И, стоило ей появиться — каток начал заполняться людьми, словно это они их приманили; но это не мешало, а, наоборот, придавало всему особую торжественность, ведь вдове не мешают при шедшие проститься — они только подчеркивают ее особость. Взявшись за руки, они проехали несколько кругов, и она вдруг сказала:
— Когда я уеду, будешь провожать?
— А куда ты собралась?
— Никуда, в том–то и дело. Но я вижу очень четко, что я уезжаю, а тебя нет. Непорядок.
— Я отпрошусь из армии.
— Насчет армии, наверное, все действительно очень плохо, — сказала она. — Иначе не брали бы.
— Да, странно как–то. В газетах ни слова о призыве. Секретность.
— Я в этом ничего не понимаю, но как–то дико, да. Напиши мне сразу же.
— Потом издадим. Новая Элоиза.
— Мишка, мне теперь ужасно стыдно, — сказала она вдруг. — Мы так мало видимся, а это все я виновата. Наверное, я все придумала, и придумала ерунду. Ты думал, что я взрослая, а я невзрослая. Но если бы ты меня ломал и настаивал, было бы хуже. Я тебе клянусь, что дождусь.
— Нет, Шуйский, не клянись, — сказал Миша.
— Ну, уж это мое дело, да?
Горели фонари, отчего–то не белые, как обычно, а желтые — от влаги, может быть, от сырости, — и играл необычный вальс, очень русский и в то же время явно новый; вальс этот был про то, что так уж тут все устроено. Миша не взялся бы объяснить, но чувствовал в словах и музыке стыдливость, как бы палач покраснел и раскланялся. Да, вот у нас так, зато у нас прекрасные реки, горы, глухая тайга.
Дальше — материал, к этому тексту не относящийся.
Definition is_topology (Omega : Type) (opens : set_ (set_ Omega)) : Prop :=
  opens (fun _ => False) /\ opens (fun _ => True) /\
  (forall U V, opens U -> opens V -> opens (fun w => U w /\ V w)) /\
  (forall (Fam : set_ (set_ Omega)), (forall U, Fam U -> opens U) ->
      opens (fun w => exists U, Fam U /\ U w)).

Definition is_sigma_algebra (Omega : Type) (F : set_ (set_ Omega)) : Prop :=
  F (fun _ => True) /\
  (forall A, F A -> F (fun w => ~ A w)) /\
  (forall A : nat -> set_ Omega, (forall n, F (A n)) -> F (fun w => exists n, A n w)).

Definition borel (Omega : Type) (opens : set_ (set_ Omega)) (A : set_ Omega) : Prop :=
  forall F, is_sigma_algebra F -> (forall U, opens U -> F U) -> F A.

Definition borelR : set_ (set_ R) := borel open_set.

Definition is_probability_measure (Omega : Type) (opens : set_ (set_ Omega))
    (mu : set_ Omega -> R) : Prop :=
  (forall A, borel opens A -> Rle 0 (mu A)) /\
  mu (fun _ => True) = R1 /\
  (forall A : nat -> set_ Omega,
     (forall n, borel opens (A n)) ->
     (forall n m w, n <> m -> A n w -> A m w -> False) ->
     infinite_sum (fun n : nat => mu (A n)) (mu (fun w => exists n, A n w))).

Definition preimage (A B : Type) (f : A -> B) (S : set_ B) : set_ A := fun a => S (f a).

Definition mpds (Omega : Type) (opens : set_ (set_ Omega)) (mu : set_ Omega -> R)
    (T : Omega -> Omega) : Prop :=
  (exists w : Omega, True) /\ is_topology opens /\ is_probability_measure opens mu /\
  (forall B, borel opens B -> borel opens (preimage T B)) /\
  (forall B, borel opens B -> mu (preimage T B) = mu B).

Definition random_vector (Omega : Type) (opens : set_ (set_ Omega)) (N : nat)
    (X : 'I_N -> Omega -> R) : Prop :=
  forall i B, borelR B -> borel opens (preimage (X i) B).

Definition entropy (Omega : Type) (mu : set_ Omega -> R) (I : finType)
    (P : I -> set_ Omega) : R :=
  Ropp (\big[Rplus/R0]_(a : I) Rmult (mu (P a)) (ln (mu (P a)))).

(* The vector (x_0,...,x_d) has ordinal pattern pi = (r_0,...,r_d),
   r_l = pi l:  x_{r_{l-1}} >= x_{r_l}, and r_{l-1} > r_l in case of equality. *)
Definition has_pattern (d : nat) (x : 'I_d.+1 -> R) (pi : {perm 'I_d.+1}) : Prop :=
  forall k : 'I_d,
    let a := pi (widen_ord (leqnSn d) k) in
    let b := pi (lift ord0 k) in
    Rge (x a) (x b) /\ (x a = x b -> (nat_of_ord b < nat_of_ord a)%N).

Definition pat_index (N d : nat) : finType := {ffun 'I_N -> {perm 'I_d.+1}}.

Definition ordinal_partition (Omega : Type) (T : Omega -> Omega) (N : nat)
    (X : 'I_N -> Omega -> R) (d : nat) (p : pat_index N d) : set_ Omega :=
  fun w => forall i : 'I_N,
    has_pattern (fun j : 'I_d.+1 => X i (iter (d - j) T w)) (p i).

Definition join2 (Omega : Type) (T : Omega -> Omega) (I : finType) (P : I -> set_ Omega)
    (ab : (I * I)%type) : set_ Omega :=
  fun w => P ab.1 w /\ P ab.2 (T w).

Definition perm_entropy (Omega : Type) (mu : set_ Omega -> R) (T : Omega -> Omega)
    (N : nat) (X : 'I_N -> Omega -> R) (d : nat) : R :=
  Rmult (Rinv (INR d)) (entropy mu (ordinal_partition T X (d:=d))).

Definition sorting_entropy (Omega : Type) (mu : set_ Omega -> R) (T : Omega -> Omega)
    (N : nat) (X : 'I_N -> Omega -> R) (d : nat) : R :=
  Rminus (entropy mu (ordinal_partition T X (d:=d.+1))) (entropy mu (ordinal_partition T X (d:=d))).

Definition cond_entropy (Omega : Type) (mu : set_ Omega -> R) (T : Omega -> Omega)
    (N : nat) (X : 'I_N -> Omega -> R) (d : nat) : R :=
  Rminus (entropy mu (join2 T (ordinal_partition T X (d:=d))))
   (entropy mu (ordinal_partition T X (d:=d))).

From HB Require Import structures.
From Stdlib Require Import Reals Lra Classical.
From Stdlib Require Import FunctionalExtensionality PropExtensionality ClassicalEpsilon.
From mathcomp Require Import all_boot all_fingroup.
Set Implicit Arguments. Unset Strict Implicit. Unset Printing Implicit Defensive.

(* The ordinal pattern of (x_0, ..., x_{d+1}) determines the patterns of (x_0, ..., x_d)
   and of (x_1, ..., x_{d+1}), so P^X(d+1) refines P^X(d)_2 = P^X(d) v T^-1 P^X(d).
   Since mu(P) ln mu(P) <= mu(P) ln mu(Q) whenever P is contained in Q, refining a
   partition can only increase its entropy: H(P^X(d)_2) <= H(P^X(d+1)), and subtracting
   H(P^X(d)) gives the first inequality.  The second is arithmetic: H(d+1)/(d+1) <= H(d)/d
   rearranges to H(d+1) - H(d) <= H(d)/d. *)

Delimit Scope R_scope with Re.

Definition Rltb (u v : R) : bool := if Rlt_dec u v then true else false.
Definition Reqb (u v : R) : bool := if Req_EM_T u v then true else false.

Lemma RltbP (u v : R) : reflect (Rlt u v) (Rltb u v).
Proof. by rewrite /Rltb; case: Rlt_dec => h; constructor. Qed.

Lemma ReqbP (u v : R) : reflect (u = v) (Reqb u v).
Proof. by rewrite /Reqb; case: Req_EM_T => h; constructor. Qed.

Section PatternOrder.
Variables (n : nat) (x : 'I_n -> R).
Implicit Types a b c : 'I_n.

(* The strict total order on indices whose increasing enumeration is the
   ordinal pattern of [x]: larger values first, ties broken by larger index. *)
Definition precedes a b : bool :=
  Rltb (x b) (x a) || Reqb (x a) (x b) && (b < a).

Lemma precedesP a b :
  reflect (Rge (x a) (x b) /\ (x a = x b -> (b < a)%N)) (precedes a b).
Proof.
apply: (iffP orP) => [[/RltbP lt_ba | /andP [/ReqbP eq_ab lt_ba]] | [ge_ab tie]].
- by split; [left | move=> eq_ab; lra].
- by split; [right |].
case: (Rtotal_order (x b) (x a)) => [lt_ba | [eq_ba | lt_ab]].
- by left; apply/RltbP.
- by right; apply/andP; split; [apply/ReqbP | apply: tie].
- lra.
Qed.

Lemma precedes_irr a : precedes a a = false.
Proof. by rewrite /precedes ltnn andbF orbF; apply/RltbP; lra. Qed.

Lemma precedes_trans a b c : precedes a b -> precedes b c -> precedes a c.
Proof.
move=> /precedesP [ge_ab tie_ab] /precedesP [ge_bc tie_bc].
apply/precedesP; split=> [|eq_ac]; first lra.
by apply: ltn_trans (tie_bc _) (tie_ab _); lra.
Qed.

Lemma precedes_asym a b : precedes a b -> precedes b a = false.
Proof. by move=> ab; apply/negP => /(precedes_trans ab); rewrite precedes_irr. Qed.

Lemma precedes_total a b : a != b -> precedes a b || precedes b a.
Proof.
move=> neq_ab; rewrite /precedes.
case: (Rtotal_order (x a) (x b)) => [lt_ab | [eq_ab | lt_ba]].
- by apply/orP; right; apply/orP; left; apply/RltbP.
- have /ReqbP -> : x a = x b by [].
  have /ReqbP -> : x b = x a by [].
  by case: ltngtP neq_ab => [||/val_inj ->]; rewrite ?orbT ?eqxx.
- by apply/orP; left; apply/orP; left; apply/RltbP.
Qed.

Definition rank a : nat := #|[pred b | precedes b a]|.

Lemma rank_lt a : rank a < n.
Proof.
rewrite -[n]card_ord; apply: proper_card; apply/properP.
by split; [apply/subsetP | exists a; rewrite // inE /= precedes_irr].
Qed.

Lemma rank_mono a b : precedes a b -> rank a < rank b.
Proof.
move=> ab; apply: proper_card; apply/properP; split.
- by apply/subsetP => c; rewrite !inE => /precedes_trans; apply.
- by exists a; rewrite !inE /= ?precedes_irr.
Qed.

Lemma precedes_rank a b : precedes a b = (rank a < rank b).
Proof.
case ab: (precedes a b); first by rewrite rank_mono.
have [<-|neq_ab] := eqVneq a b; first by rewrite ltnn.
move: (precedes_total neq_ab); rewrite ab /= => /rank_mono ba.
by apply/esym/negbTE; rewrite -leqNgt ltnW.
Qed.

End PatternOrder.

Lemma card_ord_lt n (k : 'I_n) : #|[pred c : 'I_n | c < k]| = k.
Proof.
have inj_widen : injective (widen_ord (ltnW (ltn_ord k))).
  by move=> u v /(congr1 val) /= /val_inj.
rewrite -[RHS]card_ord -(card_image inj_widen); apply: eq_card => c /=.
apply/idP/imageP => [lt_ck | [u _ ->]]; last by rewrite inE /= ltn_ord.
by exists (Ordinal lt_ck) => //; apply: val_inj.
Qed.

Lemma card_perm_lt n (t : {perm 'I_n}) a :
  #|[pred b | t b < t a]| = t a.
Proof.
rewrite -[RHS]card_ord_lt -(card_image (@perm_inj _ t)); apply: eq_card => c.
apply/imageP/idP => [[b lt_b ->] // | lt_c].
by exists ((t^-1)%g c); rewrite ?inE /= permKV.
Qed.

Section OrdinalPatterns.
Variable d : nat.
Implicit Types (x : 'I_d.+1 -> R) (pi : {perm 'I_d.+1}).

Lemma has_patternP x pi :
  has_pattern x pi <->
  forall k : 'I_d, precedes x (pi (widen_ord (leqnSn d) k)) (pi (lift ord0 k)).
Proof. by split=> h k; apply/precedesP; apply: h. Qed.

Lemma has_pattern_chain x pi : has_pattern x pi ->
  forall k l : 'I_d.+1, k < l -> precedes x (pi k) (pi l).
Proof.
move/has_patternP => adj.
have step (k l : 'I_d.+1) : l = k.+1 :> nat -> precedes x (pi k) (pi l).
  move=> lE; have lt_kd : k < d by rewrite -ltnS -lE.
  have -> : k = widen_ord (leqnSn d) (Ordinal lt_kd) by apply: val_inj.
  have -> : l = lift ord0 (Ordinal lt_kd) by apply: val_inj; rewrite /= lE.
  exact: adj.
suff gap m (k l : 'I_d.+1) : l = k + m.+1 :> nat -> precedes x (pi k) (pi l).
  by move=> k l lt_kl; apply: (gap (l - k).-1); rewrite prednK ?subn_gt0 // subnKC // ltnW.
elim: m k l => [|m IHm] k l lE; first by apply: step; rewrite lE addn1.
have lt_mid : k + m.+1 < d.+1 by apply: leq_ltn_trans (ltn_ord l); rewrite lE leq_add2l.
apply: (precedes_trans (IHm k (Ordinal lt_mid) erefl)).
by apply: step; rewrite lE addnS.
Qed.

Lemma has_pattern_precedes x pi : has_pattern x pi ->
  forall a b, precedes x a b = ((pi^-1)%g a < (pi^-1)%g b).
Proof.
move=> /has_pattern_chain chain a b.
case: ltngtP => [lt_ab | lt_ba | /val_inj eq_ab].
- by move: (chain _ _ lt_ab); rewrite !permKV.
- by move: (chain _ _ lt_ba); rewrite !permKV => /precedes_asym.
- by move: (congr1 pi eq_ab); rewrite !permKV => ->; rewrite precedes_irr.
Qed.

Lemma has_pattern_invE x pi a : has_pattern x pi -> (pi^-1)%g a = rank x a :> nat.
Proof.
move=> /has_pattern_precedes xpi; rewrite -(card_perm_lt (pi^-1)%g a).
by apply: eq_card => b; rewrite !inE xpi.
Qed.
— Хорошо бы служить где–нибудь далеко. На восточной границе, — сказал он.
— Нет, не надо. Письма долго идут, и я не смогу к тебе приехать. Мишка, я хочу, чтобы ты знал: я очень буду тебя ждать.
Если бы она сказала, что любит, в этом тоже была бы ужасная фальшь. Но она все говорила правильно.
Поцелуй, за этим последовавший, скорее огорчил Мишу, чем окрылил: зачем люди, собственно, целуются? Это способ разузнать побольше, и то, что он разузнал, его не обрадовало. Лия стала целоваться чуть по–другому. Не знаю, как там в любви, а в поцелуях у Миши был большой опыт с девятого класса, и он даже думал иногда в десятом, что лучше бы и не переходить к дальнейшему — так упоительно было целоваться, и так мало для этого требовалось. И он почувствовал, что раньше Лия хотела зайти с ним дальше, а сейчас не хочет; что чуть изменился сам ее запах, хотя духи были те же самые; у нее, наверное, кто–то был, и даже наверняка был, а Миша ей был теперь нужен как отложенный, запасной вариант. Прекрасно иметь такой вариант, особенно хорошо писать о нем стихи. И о! подумал с тоской, что до Лии все–таки не дотянул, не дотянулся, и она выбрала другого — конечно, человека попроще, но и понадежней. А его потолок — Валя Крапивина, и она дала ему это понять. Что–то такое, видимо, мелькнуло у него в глазах, потому что Лия вдруг схватила его руку и сжала сильно, больно.
— Мишка!
— Что?
— Ничего. Глупости. Подумала. Но я тебе потом скажу.
— Года через два, — сказал Миша.
— Нет, гораздо раньше. Я знаю. Иди.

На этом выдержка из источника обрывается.